Directions - Reproduce the first line of the entries that follow and each later line, word for word, ending with the one containing "Definition souslin (C".

Data records -
End nat_pairing.
Arguments pairn : simpl never.
Arguments unpairn : simpl never.

Lemma mkseqSl (T : Type) (f : nat -> T) n :
  mkseq f n.+1 = f 0%N :: mkseq (f \o succn) n.
Proof. by rewrite /mkseq /= -[1%N]addn0 iotaDl -map_comp. Qed.

Lemma take_mkseq (T : Type) (f : nat -> T) k n : (k <= n)%N ->
  take k (mkseq f n) = mkseq f k.
Proof. by move=> kn; rewrite /mkseq -map_take take_iota (minn_idPl kn). Qed.

Section souslin_operation.
Variable X : Type.

Definition souslin (C : seq nat -> set X) : set X :=
  [set x | exists f : nat -> nat, forall n, C (mkseq f n.+1) x].

Definition souslin_class (K : set (set X)) : set (set X) :=
  [set A | exists C : seq nat -> set X, (forall s, K (C s)) /\ souslin C = A].

Lemma sub_souslin_class K : K `<=` souslin_class K.
Proof.
move=> A KA; exists (fun=> A); split => //.
by apply/seteqP; split => [x [f /(_ 0%N)] //|x Ax]; exists (fun=> 0%N).
Qed.

Lemma souslin_class_bigcup K (F : nat -> set X) : K set0 ->
  (forall k, souslin_class K (F k)) -> souslin_class K (\bigcup_k F k).
Proof.
move=> K0 /boolp.choice[C /all_and2[KC CF]].
(* The first index encodes both the member k of the union and the first index
   of the k-th scheme. *)
pose C' (s : seq nat) := if s is m :: r then
  C (unpairn m).1 ((unpairn m).2 :: r) else set0.
exists C'; split => [[|m r] //=|]; apply/seteqP; split => x.
- move=> [f Cfx]; exists (unpairn (f 0%N)).1 => //; rewrite -CF.
  exists (fun i => if i is 0 then (unpairn (f 0%N)).2 else f i) => n.
  by have := Cfx n; rewrite !mkseqSl.
- move=> [k _]; rewrite -CF => -[f Cfx].
  exists (fun i => if i is 0 then pairn k (f 0%N) else f i) => n.
  by have := Cfx n; rewrite !mkseqSl /C' pairnK.
Qed.

Lemma souslin_class_bigcap K (F : nat -> set X) :
  (forall k, souslin_class K (F k)) -> souslin_class K (\bigcap_k F k).
Proof.
move=> /boolp.choice[C /all_and2[KC CF]].
(* The n-th index of the k-th scheme sits at position pairn k n; pairn being
   monotone in n, a prefix of length (pairn k n).+1 determines the first n.+1
   indices of the k-th scheme. *)
pose C' (s : seq nat) := let: (k, n) := unpairn (size s).-1 in
  C k (mkseq (fun i => nth 0%N s (pairn k i)) n.+1).
have C'E f k n : C' (mkseq f (pairn k n).+1) = C k (mkseq (f \o pairn k) n.+1).
  rewrite /C' size_mkseq pairnK; congr (C k _); apply/eq_in_map => i.
  by rewrite mem_iota add0n ltnS => lein; rewrite nth_mkseq // ltnS leq_pairn.
exists C'; split => [s|]; first by rewrite /C'; case: unpairn.
apply/seteqP; split => x.
- by move=> [f Cfx] k _; rewrite -CF; exists (f \o pairn k) => n; rewrite -C'E.
- move=> Fx; have /boolp.choice[g Cgx] : forall k, exists g, forall n, C k (mkseq g n.+1) x.
    by move=> k; have := Fx k I; rewrite -CF.
  exists (fun m => g (unpairn m).1 (unpairn m).2) => m.
  rewrite -[m in mkseq _ m.+1]unpairnK C'E.
  case: (unpairn m) => k n; rewrite (@eq_mkseq _ _ (g k)) // => i.
  by rewrite /comp pairnK.
Qed.

Lemma souslin_class_setU K (A B : set X) : K set0 ->
  souslin_class K A -> souslin_class K B -> souslin_class K (A `|` B).
Proof.
move=> K0 sA sB; rewrite -bigcup2E; apply: souslin_class_bigcup => // -[|[|n]] //.
exact: sub_souslin_class.
Qed.

Lemma souslin_class_setI K (A B : set X) :
  souslin_class K A -> souslin_class K B -> souslin_class K (A `&` B).
Proof.
move=> sA sB; have -> : A `&` B = \bigcap_k (if k is 0 then A else B).
  apply/seteqP; split=> [x [Ax Bx] [|k] //|x ABx].
  by split; [exact: (ABx 0%N) | exact: (ABx 1%N)].
by apply: souslin_class_bigcap => -[].
Qed.

Lemma souslin_branch (G C : seq nat -> set X) x :
  (forall s k, G (rcons s k) `<=` C (rcons s k)) -> G [::] x ->
  (forall s, G s x -> exists k, G (rcons s k) x) -> souslin C x.
Proof.
move=> GC Gx0 Gnext.
have /boolp.choice[next Hnext] : forall s, exists k, G s x -> G (rcons s k) x.
  move=> s; have [/Gnext[k Gk]|nGs] := boolp.pselect (G s x); first by exists k.
  by exists 0%N.
pose fix branch n := if n is n'.+1 then rcons (branch n') (next (branch n')) else [::].
have branchE n : branch n = mkseq (next \o branch) n.
  by elim: n => // n IH; rewrite mkseqS -IH.
have Gbranch n : G (branch n) x by elim: n => // n IH; exact: Hnext.
exists (next \o branch) => n; rewrite mkseqS -branchE; apply: GC.
exact: Gbranch n.+1.
Qed.

End souslin_operation.

Section souslin_measurable.
Context d (T : measurableType d) (R : realType).
Variable mu : {finite_measure set T -> \bar R}.
Local Open Scope ereal_scope.

Lemma measurable_cover_min (Z : set T) : exists G, [/\ measurable G, Z `<=` G &
  forall G', measurable G' -> Z `<=` G' -> mu G <= mu G'].
Proof.
pose m := ereal_inf [set mu G | G in [set G | measurable G /\ Z `<=` G]].
have m_fin : m \is a fin_num.
  rewrite ge0_fin_numE; last by apply/ereal_infP => _ [G _ <-].
  apply/ereal_inf_ltP; exists (mu setT); first by exists setT.
  by rewrite ltey_eq fin_num_measure.
have /boolp.choice[G HG] : forall n, exists G,
    [/\ measurable G, Z `<=` G & mu G < m + (n.+1%:R^-1)%:E].
  move=> n; have n_gt0 : (0 < n.+1%:R^-1 :> R)%R by rewrite invr_gt0.
  have [_ [G covG <-] ?] := lb_ereal_inf_adherent n_gt0 m_fin.
  by case: covG => mG ZG; exists G.
have mG n : measurable (G n) by case: (HG n).
exists (\bigcap_n G n); split; first exact: bigcapT_measurable.
  by move=> z Zz n _; case: (HG n) => _ /(_ z Zz).
move=> G' mG' ZG'; apply/lee_addgt0Pr => e e0.
have [n ne] := ltr_add_invr e0; rewrite add0r in ne.
have capG_le : mu (\bigcap_n G n) <= mu (G n).
  by apply: le_measure; rewrite ?inE //; [exact: bigcapT_measurable|exact: bigcap_inf].
apply: (le_trans capG_le).
case: (HG n) => _ _ /ltW/le_trans; apply; apply: leeD; last by rewrite lee_fin ltW.
by apply: ereal_inf_lbound; exists G'.
Qed.

Lemma measurable_envelope (Z : set T) : exists G, [/\ measurable G, Z `<=` G &
  forall G', measurable G' -> Z `<=` G' -> mu (G `\` G') = 0].
Proof.
have [G [mG ZG Gmin]] := measurable_cover_min Z.
exists G; split => // G' mG' ZG'.
have GG'_min : mu G <= mu (G `&` G').
  by apply: Gmin; [exact: measurableI | move=> z Zz; split; [exact: ZG | exact: ZG']].
have GG'_fin : mu (G `&` G') \is a fin_num.
  by apply: fin_num_measure; exact: measurableI.
apply/eqP; rewrite -measure_le0 -(subee GG'_fin) lee_suber_addr //.
by rewrite -measureDI.
Qed.

Lemma measurable_souslin (C : seq nat -> set T) : measure_is_complete mu ->
  (forall s, measurable (C s)) -> measurable (souslin C).
Proof.
move=> mu_complete mC.
(* Szpilrajn-Marczewski: take measurable envelopes H s of the parts A s of
   souslin C along the branches through s.  A point of H [::] outside
   souslin C must leave the envelopes at some node s, i.e. lie in Bad s, and
   every Bad s is null since A s is covered by the envelopes of its children. *)
pose A s := [set x | exists f, mkseq f (size s) = s /\ forall n, C (mkseq f n.+1) x].
have /boolp.choice[G HG] := fun s => measurable_envelope (A s).
pose H s := G s `&` (if s is [::] then setT else C s).
have mH s : measurable (H s).
  by case: (HG s) => mG _ _; apply: measurableI => //; case: s {mG}.
have AH s : A s `<=` H s.
  case: (HG s) => _ AG _ x Ax; split; first exact: AG.
  by case: s {AG} Ax => // a s [f [<- /(_ (size s))]].
have H_negl s G' : measurable G' -> A s `<=` G' -> mu.-negligible (H s `\` G').
  case: (HG s) => mG _ G_null mG' AG'; exists (G s `\` G'); split.
  - exact: measurableD.
  - exact: G_null.
  - by move=> x [[Gx _] nG'x].
pose Bad s := H s `\` \bigcup_k H (rcons s k).
have Bad_negl s : mu.-negligible (Bad s).
  apply: H_negl; first exact: bigcupT_measurable.
  move=> x [f [fs Cfx]]; exists (f (size s)) => //; apply: AH.
  by exists f; rewrite size_rcons mkseqS fs.
have souslin_sub : H [::] `\` souslin C `<=` \bigcup_n Bad (odflt [::] (unpickle n)).
  move=> x [Hx nCx]; apply: boolp.contrapT => nBad; apply: nCx.
  apply: (@souslin_branch _ H) => //; first by move=> [|a s] k y [].
  move=> s Hsx; apply: boolp.contrapT => nHk; apply: nBad; exists (pickle s) => //.
  by rewrite pickleK /=; split => // -[k _ Hk]; apply: nHk; exists k.
have CH : souslin C `<=` H [::] by move=> x [f Cfx]; apply: AH; exists f.
rewrite -(setIidr CH) -setDD; apply: measurableD => //; apply: mu_complete.
by apply: negligibleS souslin_sub _; exact: negligible_bigcup.
Qed.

Solution for this problem -
End nat_pairing.
Arguments pairn : simpl never.
Arguments unpairn : simpl never.

Lemma mkseqSl (T : Type) (f : nat -> T) n :
  mkseq f n.+1 = f 0%N :: mkseq (f \o succn) n.
Proof. by rewrite /mkseq /= -[1%N]addn0 iotaDl -map_comp. Qed.

Lemma take_mkseq (T : Type) (f : nat -> T) k n : (k <= n)%N ->
  take k (mkseq f n) = mkseq f k.
Proof. by move=> kn; rewrite /mkseq -map_take take_iota (minn_idPl kn). Qed.

Section souslin_operation.
Variable X : Type.

Definition souslin (C : seq nat -> set X) : set X :=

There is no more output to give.